For metabolic engineering applications it is desirable that your expression vectors contain a set (or at least one) working marker gene cassette. The described plasmids have inactivated marker promoter sequences. This leads to a drastic increase in copy number which is fine if you have just one gene that produces your desired protein. But if you want to construct ('engineer') a strain that contains not one but more genes necessary for product formation the applications of these plasmids are quite limited.

Cheers, Christian 

Metabolic engineering does not only concern overexpression. In general engineered bacteria/yeasts had their genome (not plasmids) edited. Probably that plasmid cannot be used to integrate sequences in the genome (or remove them) for instance through double crossing over.

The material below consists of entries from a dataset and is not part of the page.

Lemma cond_exp_ge0 (f : S -> R) : measurable_fun setT f -> (forall y, 0 <= f y) ->
  mu.-integrable setT (fun x => (f (phi x) * W x)%:E) ->
  mu.-integrable setT (fun x => (f (phi x) * g (phi x))%:E) ->
  (\int[mu]_x (f (phi x) * W x)%:E = \int[mu]_x (f (phi x) * g (phi x))%:E)%E.
Proof.
move=> mf f0 ifW ifG.
have mEf : measurable_fun setT (EFin \o f) by exact/measurable_EFinP.
have Ef0 y : setT y -> (0 <= (EFin \o f) y)%E by move=> _; rewrite lee_fin.
pose h := nnsfun_approx measurableT mEf.
have h_le_f n y : 0 <= h n y <= f y.
  rewrite fun_ge0 /=; have := le_approx n Ef0 (I : setT y).
  by rewrite -(nnsfun_approxE measurableT mEf) lee_fin.
have cvg_approx (V : T -> R) : measurable_fun setT V ->
    mu.-integrable setT (fun x => (f (phi x) * V x)%:E) ->
    ((fun n => \int[mu]_x (h n (phi x) * V x)%:E) @ \oo -->
     \int[mu]_x (f (phi x) * V x)%:E)%E.
  move=> mV iV.
  have mhV n : measurable_fun setT (fun x => (h n (phi x) * V x)%:E).
    apply/measurable_EFinP; apply: measurable_funM => //.
    by apply: measurableT_comp => //; exact: measurable_funPT.
  have mfV : measurable_fun setT (fun x => (f (phi x) * V x)%:E).
    by apply/measurable_EFinP; apply: measurable_funM => //; exact: measurableT_comp.
  have hV_fV : {ae mu, forall x, setT x ->
      (fun n => (h n (phi x) * V x)%:E) @ \oo --> (f (phi x) * V x)%:E}.
    apply: aeW => x _; under eq_fun do rewrite EFinM.
    rewrite EFinM; apply: cvgeZr => //.
    exact: (cvg_nnsfun_approx measurableT mEf Ef0 (x := phi x) I).
  have hV_le : {ae mu, forall x n, setT x ->
      (`|(h n (phi x) * V x)%:E| <= `|(f (phi x) * V x)%:E|)%E}.
    apply: aeW => x n _; rewrite lee_fin !normrM ler_wpM2r //.
    have /andP[h0 hf] := h_le_f n (phi x).
    by rewrite !ger0_norm // (le_trans h0 hf).
  have [] // := dominated_convergence measurableT mhV mfV hV_fV
    (integrable_abse iV) hV_le.
have hW_hG n : (\int[mu]_x (h n (phi x) * W x)%:E =
    \int[mu]_x (h n (phi x) * g (phi x))%:E)%E by exact: cond_exp_nnsfun.
have := cvg_approx W mW ifW; rewrite (funext hW_hG) => cW.
exact: cvg_unique cW (cvg_approx _ mG ifG).
Qed.

Lemma cond_exp_mul (psi : S -> R) : measurable_fun setT psi ->
  mu.-integrable setT (fun x => (psi (phi x) * W x)%:E) ->
  mu.-integrable setT (fun x => (psi (phi x) * g (phi x))%:E) ->
  (\int[mu]_x (psi (phi x) * W x)%:E = \int[mu]_x (psi (phi x) * g (phi x))%:E)%E.
Proof.
move=> mpsi ipW ipG.
have mpos := measurable_funrpos mpsi; have mneg := measurable_funrneg mpsi.
have dominated (q : S -> R) (V : T -> R) : measurable_fun setT q ->
    measurable_fun setT V -> (forall y, `|q y| <= `|psi y|) ->
    mu.-integrable setT (fun x => (psi (phi x) * V x)%:E) ->
    mu.-integrable setT (fun x => (q (phi x) * V x)%:E).
  move=> mq mV qpsi iV; apply: (le_integrable measurableT _ _ iV).
    by apply/measurable_EFinP; apply: measurable_funM => //; exact: measurableT_comp.
  by move=> x _; rewrite !abse_EFin lee_fin !normrM ler_wpM2r.
have pos_le y : `|psi^\+ y| <= `|psi y|.
  by rewrite ger0_norm ?funrpos_ge0 // /funrpos ge_max normr_ge0 ler_norm.
have neg_le y : `|psi^\- y| <= `|psi y|.
  by rewrite ger0_norm ?funrneg_ge0 // /funrneg ge_max normr_ge0 -normrN ler_norm.
have split_int (V : T -> R) :
    mu.-integrable setT (fun x => (psi^\+ (phi x) * V x)%:E) ->
    mu.-integrable setT (fun x => (psi^\- (phi x) * V x)%:E) ->
    (\int[mu]_x (psi (phi x) * V x)%:E =
     \int[mu]_x (psi^\+ (phi x) * V x)%:E - \int[mu]_x (psi^\- (phi x) * V x)%:E)%E.
  move=> i1 i2; rewrite -integralB //; apply: eq_integral => x _.
  by rewrite -EFinB -mulrBl -[in LHS](funrposBneg psi).
have iWp := dominated _ W mpos mW pos_le ipW.
have iWn := dominated _ W mneg mW neg_le ipW.
have iGp := dominated _ _ mpos mG pos_le ipG.
have iGn := dominated _ _ mneg mG neg_le ipG.
rewrite (split_int W iWp iWn) (split_int _ iGp iGn).
rewrite (cond_exp_ge0 _ mpos (@funrpos_ge0 _ _ psi) iWp iGp).
by rewrite (cond_exp_ge0 _ mneg (@funrneg_ge0 _ _ psi) iWn iGn).
Qed.

End cond_exp_orthogonality.

Section cond_exp_square_integrable.
Context {d d'} {T : measurableType d} {S : measurableType d'} {R : realType}
  {P : probability T R} {phi : T -> S} {W : T -> R} {g : S -> R}.
Hypotheses (mphi : measurable_fun setT phi) (sW : sq_integrable P W)
  (Wg : is_cond_exp P W phi g).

If your target product is just a protein, the high copy number plasmid is suitable since you need to overexpress only one gene in the plasmid. However, in many cases of metabolic engineering applications, especially your target is a metabolite, more than one gene is necessary to overexpress because many genes involved in the biosynthesis of the metabolite. Therefore, more than one plasmid is needed. If you use the high copy number plasmid in that case, the other plasmid will be segregated. (The copy number of one cell is limited.) In addition, the high copy number plasmid would lead to metabolic burden. Overall, metabolic balance is more important in the metabolic engineering applications which are many enzymes involved in biosynthesis of your target product.